* **TRY IT**: Begin at the first line of the records below and, please, give each line again exactly until the line with "Lemma is_iter_int_trunc_integrand ns" is included.

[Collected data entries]
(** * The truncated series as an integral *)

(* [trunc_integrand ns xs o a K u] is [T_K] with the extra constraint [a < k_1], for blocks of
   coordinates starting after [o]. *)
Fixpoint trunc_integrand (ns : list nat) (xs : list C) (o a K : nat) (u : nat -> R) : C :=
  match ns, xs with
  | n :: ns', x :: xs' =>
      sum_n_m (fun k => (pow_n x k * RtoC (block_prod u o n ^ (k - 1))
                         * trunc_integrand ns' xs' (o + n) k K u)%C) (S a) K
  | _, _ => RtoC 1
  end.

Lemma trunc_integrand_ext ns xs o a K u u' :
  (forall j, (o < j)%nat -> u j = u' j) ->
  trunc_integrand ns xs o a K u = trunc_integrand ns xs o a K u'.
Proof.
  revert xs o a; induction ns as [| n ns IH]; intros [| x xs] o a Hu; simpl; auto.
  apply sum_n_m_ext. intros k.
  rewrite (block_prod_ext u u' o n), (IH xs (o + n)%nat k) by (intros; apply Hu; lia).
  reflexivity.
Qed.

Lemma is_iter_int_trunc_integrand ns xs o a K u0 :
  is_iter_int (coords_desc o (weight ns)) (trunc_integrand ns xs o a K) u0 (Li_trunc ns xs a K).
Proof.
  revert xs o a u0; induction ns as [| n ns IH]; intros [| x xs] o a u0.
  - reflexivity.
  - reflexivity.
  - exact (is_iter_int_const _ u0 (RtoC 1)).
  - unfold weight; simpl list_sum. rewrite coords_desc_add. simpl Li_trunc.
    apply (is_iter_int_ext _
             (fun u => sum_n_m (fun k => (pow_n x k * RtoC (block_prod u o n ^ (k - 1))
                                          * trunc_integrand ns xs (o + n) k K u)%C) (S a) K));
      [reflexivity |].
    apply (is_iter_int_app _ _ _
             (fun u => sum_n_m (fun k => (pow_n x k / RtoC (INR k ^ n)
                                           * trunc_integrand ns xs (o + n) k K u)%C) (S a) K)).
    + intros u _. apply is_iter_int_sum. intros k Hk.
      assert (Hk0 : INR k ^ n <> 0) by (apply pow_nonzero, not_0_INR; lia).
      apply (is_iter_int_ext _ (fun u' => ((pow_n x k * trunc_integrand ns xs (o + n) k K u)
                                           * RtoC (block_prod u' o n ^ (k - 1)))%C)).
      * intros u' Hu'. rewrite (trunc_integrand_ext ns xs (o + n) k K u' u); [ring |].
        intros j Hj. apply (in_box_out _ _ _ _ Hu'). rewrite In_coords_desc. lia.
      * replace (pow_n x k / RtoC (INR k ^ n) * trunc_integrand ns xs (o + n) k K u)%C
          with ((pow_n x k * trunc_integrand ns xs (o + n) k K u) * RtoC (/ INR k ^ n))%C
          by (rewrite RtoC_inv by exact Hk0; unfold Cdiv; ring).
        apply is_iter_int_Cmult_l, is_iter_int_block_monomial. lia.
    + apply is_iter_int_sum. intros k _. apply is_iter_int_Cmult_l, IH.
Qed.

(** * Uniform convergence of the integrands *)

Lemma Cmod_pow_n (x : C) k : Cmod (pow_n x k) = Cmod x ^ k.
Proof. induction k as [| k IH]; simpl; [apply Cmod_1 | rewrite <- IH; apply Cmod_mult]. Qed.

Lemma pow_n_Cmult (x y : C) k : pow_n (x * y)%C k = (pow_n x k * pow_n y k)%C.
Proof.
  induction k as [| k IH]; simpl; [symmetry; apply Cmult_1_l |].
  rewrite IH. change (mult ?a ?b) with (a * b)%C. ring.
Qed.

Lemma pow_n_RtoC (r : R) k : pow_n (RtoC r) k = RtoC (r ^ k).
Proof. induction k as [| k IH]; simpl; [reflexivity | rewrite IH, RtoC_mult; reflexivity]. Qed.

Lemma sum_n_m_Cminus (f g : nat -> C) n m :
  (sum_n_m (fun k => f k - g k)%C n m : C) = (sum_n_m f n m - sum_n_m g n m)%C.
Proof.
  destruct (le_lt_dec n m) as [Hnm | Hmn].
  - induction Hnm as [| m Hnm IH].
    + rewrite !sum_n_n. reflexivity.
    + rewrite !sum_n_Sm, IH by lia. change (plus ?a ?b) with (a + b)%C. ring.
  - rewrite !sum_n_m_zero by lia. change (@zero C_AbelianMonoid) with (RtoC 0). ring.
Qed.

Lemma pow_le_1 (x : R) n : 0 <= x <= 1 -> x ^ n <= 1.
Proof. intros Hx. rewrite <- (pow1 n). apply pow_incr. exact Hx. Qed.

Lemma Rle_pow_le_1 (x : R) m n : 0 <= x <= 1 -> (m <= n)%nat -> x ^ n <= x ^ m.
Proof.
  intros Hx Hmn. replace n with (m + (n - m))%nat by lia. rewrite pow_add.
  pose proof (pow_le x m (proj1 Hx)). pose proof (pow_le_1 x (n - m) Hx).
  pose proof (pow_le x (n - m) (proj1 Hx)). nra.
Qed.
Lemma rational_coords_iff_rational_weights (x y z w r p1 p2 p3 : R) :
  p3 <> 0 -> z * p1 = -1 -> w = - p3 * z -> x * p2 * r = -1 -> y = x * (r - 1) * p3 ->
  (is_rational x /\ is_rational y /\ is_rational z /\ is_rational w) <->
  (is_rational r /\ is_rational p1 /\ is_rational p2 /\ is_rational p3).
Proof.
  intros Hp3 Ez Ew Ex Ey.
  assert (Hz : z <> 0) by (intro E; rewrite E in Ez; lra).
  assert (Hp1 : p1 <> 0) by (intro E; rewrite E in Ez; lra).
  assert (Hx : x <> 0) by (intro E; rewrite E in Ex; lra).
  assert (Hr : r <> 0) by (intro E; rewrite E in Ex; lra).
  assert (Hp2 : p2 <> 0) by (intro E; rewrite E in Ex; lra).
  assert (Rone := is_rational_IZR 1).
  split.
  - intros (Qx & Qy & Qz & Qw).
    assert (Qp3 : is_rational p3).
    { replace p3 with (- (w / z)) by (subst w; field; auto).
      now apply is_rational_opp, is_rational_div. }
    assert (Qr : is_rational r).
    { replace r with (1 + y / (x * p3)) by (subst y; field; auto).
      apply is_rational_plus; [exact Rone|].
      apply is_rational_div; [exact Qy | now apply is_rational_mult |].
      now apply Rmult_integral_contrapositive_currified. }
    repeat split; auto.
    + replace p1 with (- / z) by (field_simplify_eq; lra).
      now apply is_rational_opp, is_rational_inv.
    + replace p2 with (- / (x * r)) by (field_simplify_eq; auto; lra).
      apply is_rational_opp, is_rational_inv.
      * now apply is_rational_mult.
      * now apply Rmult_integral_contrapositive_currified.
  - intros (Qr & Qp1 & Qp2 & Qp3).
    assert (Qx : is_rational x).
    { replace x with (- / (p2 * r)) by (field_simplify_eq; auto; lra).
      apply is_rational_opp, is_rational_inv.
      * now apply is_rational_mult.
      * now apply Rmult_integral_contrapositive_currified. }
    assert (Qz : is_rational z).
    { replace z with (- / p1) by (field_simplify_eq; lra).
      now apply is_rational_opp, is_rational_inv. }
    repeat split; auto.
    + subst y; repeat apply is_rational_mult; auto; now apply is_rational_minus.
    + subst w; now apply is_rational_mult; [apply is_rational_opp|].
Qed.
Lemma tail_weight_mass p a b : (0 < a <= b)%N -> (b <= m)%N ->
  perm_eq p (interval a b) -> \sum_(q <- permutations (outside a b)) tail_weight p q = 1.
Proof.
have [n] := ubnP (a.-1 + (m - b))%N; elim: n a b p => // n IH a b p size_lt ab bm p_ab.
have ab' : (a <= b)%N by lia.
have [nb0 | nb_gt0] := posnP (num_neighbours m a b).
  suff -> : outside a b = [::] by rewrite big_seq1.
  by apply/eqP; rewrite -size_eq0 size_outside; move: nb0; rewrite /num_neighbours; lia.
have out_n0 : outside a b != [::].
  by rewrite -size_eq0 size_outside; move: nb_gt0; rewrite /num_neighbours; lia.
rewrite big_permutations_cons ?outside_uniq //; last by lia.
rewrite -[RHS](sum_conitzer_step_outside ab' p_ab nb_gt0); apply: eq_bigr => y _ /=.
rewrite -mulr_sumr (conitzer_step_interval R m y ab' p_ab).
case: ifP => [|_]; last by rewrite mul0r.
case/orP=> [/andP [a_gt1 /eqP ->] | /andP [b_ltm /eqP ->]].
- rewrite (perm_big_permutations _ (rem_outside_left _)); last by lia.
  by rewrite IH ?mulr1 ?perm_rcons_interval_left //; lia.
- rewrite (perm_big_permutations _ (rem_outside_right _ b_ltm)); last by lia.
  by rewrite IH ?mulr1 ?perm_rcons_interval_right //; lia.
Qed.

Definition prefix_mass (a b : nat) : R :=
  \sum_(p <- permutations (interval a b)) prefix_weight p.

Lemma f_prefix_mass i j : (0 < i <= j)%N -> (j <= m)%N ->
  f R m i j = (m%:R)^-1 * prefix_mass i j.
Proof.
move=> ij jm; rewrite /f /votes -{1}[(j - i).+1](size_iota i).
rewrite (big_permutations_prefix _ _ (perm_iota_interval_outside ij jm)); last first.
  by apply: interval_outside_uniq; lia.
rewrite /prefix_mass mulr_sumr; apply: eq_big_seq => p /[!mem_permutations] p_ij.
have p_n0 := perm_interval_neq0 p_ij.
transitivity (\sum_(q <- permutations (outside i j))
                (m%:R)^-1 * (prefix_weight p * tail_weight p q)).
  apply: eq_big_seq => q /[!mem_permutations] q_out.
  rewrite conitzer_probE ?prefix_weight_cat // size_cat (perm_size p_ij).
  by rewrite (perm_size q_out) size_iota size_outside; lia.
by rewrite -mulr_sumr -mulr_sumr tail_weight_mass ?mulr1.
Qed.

* **EXERCISE OUTPUT**:
(** * The truncated series as an integral *)

(* [trunc_integrand ns xs o a K u] is [T_K] with the extra constraint [a < k_1], for blocks of
   coordinates starting after [o]. *)
Fixpoint trunc_integrand (ns : list nat) (xs : list C) (o a K : nat) (u : nat -> R) : C :=
  match ns, xs with
  | n :: ns', x :: xs' =>
      sum_n_m (fun k => (pow_n x k * RtoC (block_prod u o n ^ (k - 1))
                         * trunc_integrand ns' xs' (o + n) k K u)%C) (S a) K
  | _, _ => RtoC 1
  end.

Lemma trunc_integrand_ext ns xs o a K u u' :
  (forall j, (o < j)%nat -> u j = u' j) ->
  trunc_integrand ns xs o a K u = trunc_integrand ns xs o a K u'.
Proof.
  revert xs o a; induction ns as [| n ns IH]; intros [| x xs] o a Hu; simpl; auto.
  apply sum_n_m_ext. intros k.
  rewrite (block_prod_ext u u' o n), (IH xs (o + n)%nat k) by (intros; apply Hu; lia).
  reflexivity.
Qed.

Lemma is_iter_int_trunc_integrand ns xs o a K u0 :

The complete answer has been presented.